#### [Stored items]

= = = = =

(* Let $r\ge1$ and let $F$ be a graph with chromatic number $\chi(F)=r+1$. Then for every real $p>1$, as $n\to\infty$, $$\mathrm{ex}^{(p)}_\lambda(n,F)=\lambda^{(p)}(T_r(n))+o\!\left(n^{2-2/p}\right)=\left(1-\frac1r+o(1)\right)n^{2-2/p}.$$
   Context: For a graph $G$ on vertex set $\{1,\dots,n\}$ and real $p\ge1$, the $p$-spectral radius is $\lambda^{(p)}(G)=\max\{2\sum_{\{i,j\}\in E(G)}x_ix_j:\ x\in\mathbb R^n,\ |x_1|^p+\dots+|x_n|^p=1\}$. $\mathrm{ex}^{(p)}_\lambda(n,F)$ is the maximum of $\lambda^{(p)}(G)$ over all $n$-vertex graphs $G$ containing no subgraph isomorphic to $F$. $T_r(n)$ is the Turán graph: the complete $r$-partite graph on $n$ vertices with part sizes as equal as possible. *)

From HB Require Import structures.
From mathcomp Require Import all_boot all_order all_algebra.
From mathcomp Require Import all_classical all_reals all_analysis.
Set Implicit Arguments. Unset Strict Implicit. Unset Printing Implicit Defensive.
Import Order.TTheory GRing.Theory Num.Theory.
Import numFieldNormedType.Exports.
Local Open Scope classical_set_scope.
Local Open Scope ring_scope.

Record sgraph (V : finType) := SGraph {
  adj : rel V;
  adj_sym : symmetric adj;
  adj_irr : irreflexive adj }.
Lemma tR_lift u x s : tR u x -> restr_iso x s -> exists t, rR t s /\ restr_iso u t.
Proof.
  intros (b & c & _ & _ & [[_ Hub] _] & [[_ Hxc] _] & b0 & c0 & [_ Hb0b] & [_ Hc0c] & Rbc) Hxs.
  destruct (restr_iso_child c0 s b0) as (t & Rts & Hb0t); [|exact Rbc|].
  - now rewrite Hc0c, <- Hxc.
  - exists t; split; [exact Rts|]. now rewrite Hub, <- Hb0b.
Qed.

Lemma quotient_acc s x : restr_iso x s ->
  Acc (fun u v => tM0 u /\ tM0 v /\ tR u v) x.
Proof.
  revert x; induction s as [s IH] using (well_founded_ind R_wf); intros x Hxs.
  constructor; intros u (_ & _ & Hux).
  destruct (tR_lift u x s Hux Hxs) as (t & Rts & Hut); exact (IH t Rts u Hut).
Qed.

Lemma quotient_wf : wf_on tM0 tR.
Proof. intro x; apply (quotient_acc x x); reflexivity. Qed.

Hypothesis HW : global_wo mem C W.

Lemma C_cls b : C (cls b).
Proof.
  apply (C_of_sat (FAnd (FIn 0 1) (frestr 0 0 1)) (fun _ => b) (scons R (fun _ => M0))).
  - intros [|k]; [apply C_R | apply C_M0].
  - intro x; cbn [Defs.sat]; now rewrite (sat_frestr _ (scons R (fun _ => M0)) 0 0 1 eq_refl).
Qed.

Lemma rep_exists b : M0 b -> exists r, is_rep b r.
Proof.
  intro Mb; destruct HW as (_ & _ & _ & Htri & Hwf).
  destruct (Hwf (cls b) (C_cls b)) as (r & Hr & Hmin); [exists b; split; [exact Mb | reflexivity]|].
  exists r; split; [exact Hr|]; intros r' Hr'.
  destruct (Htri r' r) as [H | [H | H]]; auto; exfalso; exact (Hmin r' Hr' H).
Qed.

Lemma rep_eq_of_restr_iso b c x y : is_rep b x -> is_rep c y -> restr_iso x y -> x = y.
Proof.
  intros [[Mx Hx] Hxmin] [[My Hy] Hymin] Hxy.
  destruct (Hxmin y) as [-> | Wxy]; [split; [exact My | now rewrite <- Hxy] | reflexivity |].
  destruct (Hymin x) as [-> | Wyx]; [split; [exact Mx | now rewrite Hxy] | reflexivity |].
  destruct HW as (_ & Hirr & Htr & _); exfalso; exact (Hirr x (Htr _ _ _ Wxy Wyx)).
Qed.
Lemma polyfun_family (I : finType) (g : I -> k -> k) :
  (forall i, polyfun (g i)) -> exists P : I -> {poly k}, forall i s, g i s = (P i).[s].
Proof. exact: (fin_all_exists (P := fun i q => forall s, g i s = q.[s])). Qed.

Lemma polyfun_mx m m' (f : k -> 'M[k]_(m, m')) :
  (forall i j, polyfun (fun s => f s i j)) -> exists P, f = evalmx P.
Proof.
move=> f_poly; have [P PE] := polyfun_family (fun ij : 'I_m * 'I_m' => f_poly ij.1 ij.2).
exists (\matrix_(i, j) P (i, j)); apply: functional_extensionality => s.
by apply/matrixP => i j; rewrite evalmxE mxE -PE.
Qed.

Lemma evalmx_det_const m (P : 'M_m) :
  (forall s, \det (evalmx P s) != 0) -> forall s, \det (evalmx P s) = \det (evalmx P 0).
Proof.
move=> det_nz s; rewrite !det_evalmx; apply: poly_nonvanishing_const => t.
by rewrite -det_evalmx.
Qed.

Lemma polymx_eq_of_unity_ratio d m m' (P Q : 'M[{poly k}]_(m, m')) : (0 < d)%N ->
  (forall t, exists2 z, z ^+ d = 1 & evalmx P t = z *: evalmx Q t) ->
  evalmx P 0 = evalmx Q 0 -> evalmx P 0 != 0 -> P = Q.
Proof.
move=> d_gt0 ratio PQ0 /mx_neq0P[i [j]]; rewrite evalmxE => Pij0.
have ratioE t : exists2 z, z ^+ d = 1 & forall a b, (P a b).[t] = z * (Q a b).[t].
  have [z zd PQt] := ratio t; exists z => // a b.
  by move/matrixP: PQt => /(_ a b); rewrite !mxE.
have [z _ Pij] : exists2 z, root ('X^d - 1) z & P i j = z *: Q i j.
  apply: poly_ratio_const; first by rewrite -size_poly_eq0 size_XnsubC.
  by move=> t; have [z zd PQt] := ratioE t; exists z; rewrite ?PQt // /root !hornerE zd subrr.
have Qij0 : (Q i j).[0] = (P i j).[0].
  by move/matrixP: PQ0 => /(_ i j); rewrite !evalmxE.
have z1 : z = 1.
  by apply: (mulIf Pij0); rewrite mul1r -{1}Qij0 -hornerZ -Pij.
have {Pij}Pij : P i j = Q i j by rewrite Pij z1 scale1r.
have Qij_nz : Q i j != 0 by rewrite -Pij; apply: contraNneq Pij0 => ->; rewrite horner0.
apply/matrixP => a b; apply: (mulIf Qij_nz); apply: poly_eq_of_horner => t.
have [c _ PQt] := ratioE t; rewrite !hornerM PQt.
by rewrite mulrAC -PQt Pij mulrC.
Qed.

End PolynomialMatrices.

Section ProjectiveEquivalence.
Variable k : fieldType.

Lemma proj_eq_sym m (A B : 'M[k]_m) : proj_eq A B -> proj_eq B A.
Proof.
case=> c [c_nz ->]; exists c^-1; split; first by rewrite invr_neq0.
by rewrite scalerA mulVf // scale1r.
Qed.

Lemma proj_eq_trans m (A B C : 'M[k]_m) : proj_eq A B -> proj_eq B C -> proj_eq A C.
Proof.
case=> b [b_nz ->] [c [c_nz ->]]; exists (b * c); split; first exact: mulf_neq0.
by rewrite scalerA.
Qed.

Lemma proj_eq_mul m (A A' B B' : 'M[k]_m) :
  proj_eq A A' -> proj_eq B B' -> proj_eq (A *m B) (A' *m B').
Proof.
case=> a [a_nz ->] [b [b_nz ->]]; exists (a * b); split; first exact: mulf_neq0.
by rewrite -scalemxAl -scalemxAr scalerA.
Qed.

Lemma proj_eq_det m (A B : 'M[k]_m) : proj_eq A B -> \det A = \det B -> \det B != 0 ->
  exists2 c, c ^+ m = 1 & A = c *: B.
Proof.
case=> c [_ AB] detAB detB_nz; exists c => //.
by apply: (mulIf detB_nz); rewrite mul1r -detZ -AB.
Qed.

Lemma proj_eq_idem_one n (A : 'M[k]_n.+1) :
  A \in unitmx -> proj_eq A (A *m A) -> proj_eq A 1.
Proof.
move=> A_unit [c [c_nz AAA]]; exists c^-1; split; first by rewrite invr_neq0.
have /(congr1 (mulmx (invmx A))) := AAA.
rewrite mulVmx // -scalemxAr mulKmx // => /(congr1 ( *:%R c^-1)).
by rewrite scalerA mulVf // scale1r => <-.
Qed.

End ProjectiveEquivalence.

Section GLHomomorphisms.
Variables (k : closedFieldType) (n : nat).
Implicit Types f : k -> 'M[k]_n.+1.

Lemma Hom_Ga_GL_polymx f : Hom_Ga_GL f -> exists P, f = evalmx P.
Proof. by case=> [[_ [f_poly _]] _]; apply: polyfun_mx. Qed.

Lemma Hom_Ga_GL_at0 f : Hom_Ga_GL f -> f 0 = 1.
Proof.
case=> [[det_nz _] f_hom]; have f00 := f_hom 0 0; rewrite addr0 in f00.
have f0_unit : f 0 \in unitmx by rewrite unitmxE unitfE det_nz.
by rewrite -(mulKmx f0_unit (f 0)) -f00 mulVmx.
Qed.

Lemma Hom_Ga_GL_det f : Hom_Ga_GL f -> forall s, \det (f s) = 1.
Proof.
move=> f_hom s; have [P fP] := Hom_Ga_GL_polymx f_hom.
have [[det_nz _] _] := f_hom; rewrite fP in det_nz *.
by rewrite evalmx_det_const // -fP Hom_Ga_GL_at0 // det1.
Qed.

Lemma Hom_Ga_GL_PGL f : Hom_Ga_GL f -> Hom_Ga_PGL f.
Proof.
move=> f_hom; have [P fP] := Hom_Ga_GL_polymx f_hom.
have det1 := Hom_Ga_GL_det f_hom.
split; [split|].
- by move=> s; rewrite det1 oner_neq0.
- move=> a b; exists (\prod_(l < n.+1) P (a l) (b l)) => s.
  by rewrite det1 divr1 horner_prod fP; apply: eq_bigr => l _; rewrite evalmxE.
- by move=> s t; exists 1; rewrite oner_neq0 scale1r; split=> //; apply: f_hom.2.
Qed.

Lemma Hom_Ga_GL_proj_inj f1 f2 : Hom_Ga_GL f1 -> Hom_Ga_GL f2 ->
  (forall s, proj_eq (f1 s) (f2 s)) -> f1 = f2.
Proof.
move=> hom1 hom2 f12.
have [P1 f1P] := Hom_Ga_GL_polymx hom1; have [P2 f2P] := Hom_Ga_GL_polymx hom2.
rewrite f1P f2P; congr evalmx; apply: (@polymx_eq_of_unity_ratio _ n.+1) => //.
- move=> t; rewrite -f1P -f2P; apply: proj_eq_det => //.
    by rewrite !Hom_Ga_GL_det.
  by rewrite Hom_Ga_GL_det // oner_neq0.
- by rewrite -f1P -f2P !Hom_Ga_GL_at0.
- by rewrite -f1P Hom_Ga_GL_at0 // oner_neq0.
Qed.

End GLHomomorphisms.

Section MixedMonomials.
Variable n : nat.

= = = = =

#### [To do]
Could you retype exactly the lines above, starting at the line that contains "Lemma C_cls b : C (cls b)." and ending at the line that contains "evalmx P 0 = evalmx", and nothing more?

#### [Result]
Lemma C_cls b : C (cls b).
Proof.
  apply (C_of_sat (FAnd (FIn 0 1) (frestr 0 0 1)) (fun _ => b) (scons R (fun _ => M0))).
  - intros [|k]; [apply C_R | apply C_M0].
  - intro x; cbn [Defs.sat]; now rewrite (sat_frestr _ (scons R (fun _ => M0)) 0 0 1 eq_refl).
Qed.

Lemma rep_exists b : M0 b -> exists r, is_rep b r.
Proof.
  intro Mb; destruct HW as (_ & _ & _ & Htri & Hwf).
  destruct (Hwf (cls b) (C_cls b)) as (r & Hr & Hmin); [exists b; split; [exact Mb | reflexivity]|].
  exists r; split; [exact Hr|]; intros r' Hr'.
  destruct (Htri r' r) as [H | [H | H]]; auto; exfalso; exact (Hmin r' Hr' H).
Qed.

Lemma rep_eq_of_restr_iso b c x y : is_rep b x -> is_rep c y -> restr_iso x y -> x = y.
Proof.
  intros [[Mx Hx] Hxmin] [[My Hy] Hymin] Hxy.
  destruct (Hxmin y) as [-> | Wxy]; [split; [exact My | now rewrite <- Hxy] | reflexivity |].
  destruct (Hymin x) as [-> | Wyx]; [split; [exact Mx | now rewrite Hxy] | reflexivity |].
  destruct HW as (_ & Hirr & Htr & _); exfalso; exact (Hirr x (Htr _ _ _ Wxy Wyx)).
Qed.
Lemma polyfun_family (I : finType) (g : I -> k -> k) :
  (forall i, polyfun (g i)) -> exists P : I -> {poly k}, forall i s, g i s = (P i).[s].
Proof. exact: (fin_all_exists (P := fun i q => forall s, g i s = q.[s])). Qed.

Lemma polyfun_mx m m' (f : k -> 'M[k]_(m, m')) :
  (forall i j, polyfun (fun s => f s i j)) -> exists P, f = evalmx P.
Proof.
move=> f_poly; have [P PE] := polyfun_family (fun ij : 'I_m * 'I_m' => f_poly ij.1 ij.2).
exists (\matrix_(i, j) P (i, j)); apply: functional_extensionality => s.
by apply/matrixP => i j; rewrite evalmxE mxE -PE.
Qed.

Lemma evalmx_det_const m (P : 'M_m) :
  (forall s, \det (evalmx P s) != 0) -> forall s, \det (evalmx P s) = \det (evalmx P 0).
Proof.
move=> det_nz s; rewrite !det_evalmx; apply: poly_nonvanishing_const => t.
by rewrite -det_evalmx.
Qed.

Lemma polymx_eq_of_unity_ratio d m m' (P Q : 'M[{poly k}]_(m, m')) : (0 < d)%N ->
  (forall t, exists2 z, z ^+ d = 1 & evalmx P t = z *: evalmx Q t) ->
  evalmx P 0 = evalmx Q 0 -> evalmx P 0 != 0 -> P = Q.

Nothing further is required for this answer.